A problem that arises with the above approach is that the chance of a sample $\theta ^*$ generating simulated data that are sufficiently “close”⁴⁷ to the observations is small⁴⁵. If most samples are rejected then a large number of model runs can be required to generate a sufficiently large retained sample. This is computationally expensive. ABC-SMC tries to reduce the number of rejected samples. It operates by generating a pool of N candidate values for $\theta$, termed ‘particles’ (here, $N=100$). Initially the pool is created by drawing from the prior distribution, $\pi (\theta )$. The algorithm then proceeds iteratively by using the model (DyME) to generate simulated data X and subsequently assigning a weight, w, to each particle according to p(Y, X). Following⁴⁶, the new weight of a given particle i in iteration t is calculated from the previous iteration ($t-1$) as follows:

$$w_{{i,t}} = \frac{{\pi (\theta _{{i,t}} )}}{{\sum\nolimits_{{j = 1}}^{N} {w_{{j,t - 1}} \;q\left( {\theta _{{j,t - 1}} {\mid }\theta _{{i,t}} } \right)} }}.$$

(2)

In each iteration the particles are re-sampled and their weights re-calculated. The rejection rate should remain low because the weighting scheme is chosen to minimise the divergence between the proposed distribution and the ‘true’ posterior. Figure 2 illustrates the SMC process. For further details see⁴⁷ or, for the full algorithm, see⁴⁶ (Algorithm 2).

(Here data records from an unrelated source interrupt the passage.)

Lemma flow_u0 n : (n <= Nt)%N -> flow n u0 = u n.
Proof.
elim: n => [//|n IH lt_nNt].
rewrite /flow /= -/(flow n u0) (IH (ltnW lt_nNt)).
rewrite [u n.+1](dirk_u.1 n.+1) /=; last by lia.
by congr (_ + _); apply: eq_big_nat => i Hi; rewrite Kb_u0 //; lia.
Qed.

Lemma is_diff_Kb n i : (1 <= n <= Nt)%N -> (1 <= i <= s)%N ->
  is_diff u0 (Kb n i) (fun e => tangent_stages e n i).
Proof. by move=> Hn Hi; split => //; exact: Kb_diff. Qed.

Lemma is_diff_stage_sum n l (w : nat -> R) : (1 <= n <= Nt)%N -> (l <= s)%N ->
  is_diff u0 (flow n.-1) (tangent_state ^~ n.-1) ->
  is_diff u0 (fun x => flow n.-1 x + \sum_(1 <= j < l.+1) w j *: Kb n j x)
    (fun e => tangent_state e n.-1
              + \sum_(1 <= j < l.+1) w j *: tangent_stages e n j).
Proof.
move=> Hn le_ls flow_diff; apply: is_diff_add_lincomb => // j.
by rewrite mem_index_iota => Hj; apply: is_diff_Kb; lia.
Qed.

Lemma is_diff_flow n : (n <= Nt)%N -> is_diff u0 (flow n) (tangent_state ^~ n).
Proof.
elim: n => [_|n IH lt_nNt]; first exact: is_diff_id.
by apply: (is_diff_stage_sum (n := n.+1) b) => //; exact: IH (ltnW lt_nNt).
Qed.

Lemma tangent_stage_eq n i e : (1 <= n <= Nt)%N -> (1 <= i <= s)%N ->
  M *m tangent_stages e n i =
  dt n *: (stage_jac n i *m stage a (tangent_state e) (tangent_stages e) n i).
Proof.
(* Differentiate at u0 the stage equation M k_i(x) = dt_n r(stage_i(x)),
   which holds for x near u0. *)
move=> Hn Hi.
pose rt v := r v mu (stime c dt n i).
pose stg x := flow n.-1 x + \sum_(1 <= j < i.+1) a i j *: Kb n j x.
have stg_u0 : stg u0 = stage a u k n i.
  rewrite /stg flow_u0; last by lia.
  by congr (_ + _); apply: eq_big_nat => j Hj; rewrite Kb_u0 //; lia.
have stg_diff :
    is_diff u0 stg (fun e => stage a (tangent_state e) (tangent_stages e) n i).
  apply: is_diff_stage_sum; [lia | lia | apply: is_diff_flow; lia].
have rt_diff : is_diff (stg u0) rt ('d rt (stg u0)).
  split => //.
  exact: (differentiable_partial1 (f := fun p => r p.1.1 p.1.2 p.2)).
have lhs_diff : is_diff u0 (fun x => M *m Kb n i x)
    (fun e => M *m tangent_stages e n i).
  exact: (is_diff_comp (is_diff_Kb Hn Hi) (is_diff_mulmx M _)).
have rhs_diff : is_diff u0 (fun x => dt n *: rt (stg x))
    (fun e => dt n *:
       'd rt (stg u0) (stage a (tangent_state e) (tangent_stages e) n i)).
  exact: (is_diffZ (dt n) (is_diff_comp stg_diff rt_diff)).
have near_eq : \forall x \near u0, M *m Kb n i x = dt n *: rt (stg x).
  by apply: filterS dirk_Kb_near => x [_ stages]; exact: stages.
have := congr1 (fun f => f e) (is_diff_near_eq near_eq lhs_diff rhs_diff).
by move=> /= ->; rewrite -jac_mulmx stg_u0.
Qed.

Definition adjoint_step (gu : nat -> 'cV[R]_Nu) (gk : nat -> nat -> 'cV[R]_Nu)
    (lam : nat -> 'cV[R]_Nu) (kap : nat -> nat -> 'cV[R]_Nu) n :=
  lam n.-1 = lam n + gu n.-1
             + \sum_(1 <= i < s.+1) dt n *: ((stage_jac n i)^T *m kap n i)
  /\ forall i, (1 <= i <= s)%N ->
       M^T *m kap n i = gk n i + b i *: lam n
         + \sum_(i <= j < s.+1) (a j i * dt n) *: ((stage_jac n j)^T *m kap n j).

Definition adjoint_sweep gu gk lam kap :=
  forall n, (1 <= n <= Nt)%N -> adjoint_step gu gk lam kap n.

Local Notation homog_adjoint_sweep := (adjoint_sweep (fun=> 0) (fun _ _ => 0)).

Lemma homog_adjoint_duality lam kap e : homog_adjoint_sweep lam kap ->
  forall n, (n <= Nt)%N -> (lam 0%N)^T *m e = (lam n)^T *m tangent_state e n.
Proof.
move=> sweep; elim=> [//|n IH lt_nNt].
have [state stages] := sweep n.+1 (ltac:(lia)).
rewrite IH ?(ltnW lt_nNt) // [lam n]state addr0.
apply: (dirk_adjoint_step_duality (M := M)) => i Hi.
  by apply: tangent_stage_eq; lia.
by rewrite stages // add0r.
Qed.

Lemma homog_adjoint_transport lam kap : homog_adjoint_sweep lam kap ->
  lam 0%N = (jac (flow Nt) u0)^T *m lam Nt.
Proof.
move=> sweep; apply: trmx_mul_extl => e.
have flow_diff := is_diff_flow (leqnn Nt).
rewrite (homog_adjoint_duality e sweep (leqnn Nt)) trmx_mul trmxK -mulmxA.
by rewrite jac_mulmx diff_val.
Qed.

Hypothesis stage_unit : forall n i, (1 <= n <= Nt)%N -> (1 <= i <= s)%N ->
  M - (a i i * dt n) *: stage_jac n i \in unitmx.
Hypothesis periodic_unit : jac (flow Nt) u0 - 1%:M \in unitmx.

Lemma adjoint_stage_unit n i : (1 <= n <= Nt)%N -> (1 <= i <= s)%N ->
  M^T - (a i i * dt n) *: (stage_jac n i)^T \in unitmx.
Proof. by move=> Hn Hi; rewrite -linearZ -linearB unitmx_tr stage_unit. Qed.

Lemma homog_adjoint_step_eq0 lam kap n : (1 <= n <= Nt)%N ->
  adjoint_step (fun=> 0) (fun _ _ => 0) lam kap n -> lam n = 0 ->
  lam n.-1 = 0 /\ forall i, (1 <= i <= s)%N -> kap n i = 0.
Proof.
move=> Hn [state stages] lam_n0.
have kap0 : forall i, (1 <= i <= s)%N -> kap n i = 0.
  apply: (triangular_system_homog_eq0 (B := M^T) (J := fun j => (stage_jac n j)^T)
    (c := fun j i => a j i * dt n)) => i Hi; first exact: adjoint_stage_unit.
  by rewrite stages // lam_n0 scaler0 !add0r.
split=> //; rewrite state lam_n0 !add0r big_nat big1 // => i Hi.
by rewrite kap0 ?mulmx0 ?scaler0.
Qed.

Lemma homog_periodic_adjoint_eq0 lam kap : homog_adjoint_sweep lam kap ->
  lam Nt = lam 0%N ->
  (forall n, (n <= Nt)%N -> lam n = 0) /\
  (forall n i, (1 <= n <= Nt)%N -> (1 <= i <= s)%N -> kap n i = 0).
Proof.
move=> sweep periodic.
have lam_Nt0 : lam Nt = 0.
  have unitP := periodic_unit; rewrite -unitmx_tr in unitP.
  rewrite -[lam Nt](mulKmx unitP) linearB /= trmx1 mulmxBl mul1mx.
  by rewrite -(homog_adjoint_transport sweep) periodic subrr mulmx0.
have lam_eq0 m : (m <= Nt)%N -> lam (Nt - m)%N = 0.
  elim: m => [_|m IH lt_mNt]; first by rewrite subn0.
  have Hn : (1 <= Nt - m <= Nt)%N by lia.
  have [<- _] := homog_adjoint_step_eq0 Hn (sweep _ Hn) (IH (ltnW lt_mNt)).
  by congr lam; lia.
have lam0 n : (n <= Nt)%N -> lam n = 0.
  by move=> le_nNt; rewrite -(subKn le_nNt); apply: lam_eq0; exact: leq_subr.
split=> [//|n i Hn].
have [_ kap0] := homog_adjoint_step_eq0 Hn (sweep _ Hn) (lam0 n (ltac:(lia))).
exact: kap0.
Qed.

Lemma adjoint_sweepB gu gk lam1 kap1 lam2 kap2 :
  adjoint_sweep gu gk lam1 kap1 -> adjoint_sweep gu gk lam2 kap2 ->
  homog_adjoint_sweep (fun n => lam1 n - lam2 n) (fun n i => kap1 n i - kap2 n i).
Proof.
move=> sweep1 sweep2 n Hn.
have [state1 stages1] := sweep1 n Hn; have [state2 stages2] := sweep2 n Hn.
split=> [|i Hi].
  rewrite state1 state2 subr_add3 subrr -sumrB.
  by congr (_ + _); apply: eq_bigr => i _; rewrite mulmxBr scalerBr.
rewrite mulmxBr stages1 // stages2 // subr_add3 subrr scalerBr -sumrB.
by congr (_ + _); apply: eq_bigr => j _; rewrite mulmxBr scalerBr.
Qed.

Lemma adjoint_sweep_from_terminal gu gk x :
  exists lam kap, lam Nt = x /\ adjoint_sweep gu gk lam kap.
Proof.
suff sweep_top m : (m <= Nt)%N -> exists lam kap, lam Nt = x /\
    forall n, (Nt - m < n <= Nt)%N -> adjoint_step gu gk lam kap n.
  have [lam [kap [lamNt sweep]]] := sweep_top Nt (leqnn Nt).
  by exists lam, kap; split=> // n Hn; apply: sweep; lia.
elim: m => [_|m IH lt_mNt].
  by exists (fun=> x), (fun _ _ => 0); split=> // n; lia.
have [lam [kap [lamNt sweep]]] := IH (ltnW lt_mNt).
(* n0 is kept opaque, so that lia reasons with n0E only. *)
have [n0 n0E] : {n0 | n0 = (Nt - m)%N} by exists (Nt - m)%N.
have Hn0 : (1 <= n0 <= Nt)%N by lia.
have [kap0 stages0] := triangular_system_solvable (B := M^T)
  (J := fun j => (stage_jac n0 j)^T) (c := fun j i => a j i * dt n0)
  (fun i => gk n0 i + b i *: lam n0)
  (fun i Hi => adjoint_stage_unit Hn0 Hi).
exists (upd lam n0.-1
  (lam n0 + gu n0.-1
   + \sum_(1 <= i < s.+1) dt n0 *: ((stage_jac n0 i)^T *m kap0 i))).
exists (fun p => if p == n0 then kap0 else kap p).
split=> [|n Hn]; first by rewrite /upd ifN_eq //; lia.
rewrite /adjoint_step /upd.
have [->|ne_nn0] := eqVneq n n0.
  by rewrite eqxx ifN_eq; [split=> // i Hi; rewrite stages0 | lia].
rewrite !ifN_eq; [|lia|lia].
by apply: sweep; lia.
Qed.

Lemma adjoint_sweep_periodic_exists gu gk :
  exists lam kap, adjoint_sweep gu gk lam kap /\ lam Nt = lam 0%N + gu Nt.
Proof.
pose P := jac (flow Nt) u0.
have [lam0 [kap0 [lam0_Nt sweep0]]] := adjoint_sweep_from_terminal gu gk 0.
pose x := invmx (P - 1%:M)^T *m - (lam0 0%N + gu Nt).
have [lam [kap [lam_Nt sweep]]] := adjoint_sweep_from_terminal gu gk x.
exists lam, kap; split=> //.
have lam_0 : lam 0%N = P^T *m x + lam0 0%N.
  have := homog_adjoint_transport (adjoint_sweepB sweep sweep0).
  by rewrite lam_Nt lam0_Nt subr0 => <-; rewrite subrK.
have unitP : (P - 1%:M)^T \in unitmx by rewrite unitmx_tr.
have := mulKVmx unitP (- (lam0 0%N + gu Nt)).
rewrite -/x linearB /= trmx1 mulmxBl mul1mx => fixed_x.
rewrite lam_Nt lam_0 -addrA -[lam0 0%N + gu Nt]opprK -fixed_x.
by rewrite opprB addrC subrK.
Qed.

The outcome of the ABC-SMC is a population of particles, T, and associated weights. These particles and weights approximate the joint posterior distribution of the model parameters. Once this posterior distribution has been estimated, it is possible to use it to draw parameter values and then use the model to make forecasts. Here we first use multi-dimensional Kernel Density Estimation to create a smooth multi-dimensional surface from the particles and their weights, then draw samples of parameter values from this surface. Each sample is then used to run the DyME and make a forecast. In this way, the model forecasts retain the uncertainty associated with the posterior distributions. If ABC-SMC is able to find relatively narrow posterior estimates then the subsequent model forecasts will be similar. If, however, the parameters are less certain then the parameter samples will be quite different and the model forecasts will also produce results with a high degree of variability. The Results section demonstrates how, over the course of the experiments, the predictions become more certain as ABC-SMC is provided with more data with which to estimate the parameters.

Experiments

The aim of the experiments performed here is twofold:

1.
Evaluate the extent to which the dynamic re-calibration of an individual-level epidemic model improves the quality of its predictions of future disease transmission; and
2.
Explore whether analysing the change in parameter values over time might reveal new information about the underlying dynamics of the disease, or society’s response to it.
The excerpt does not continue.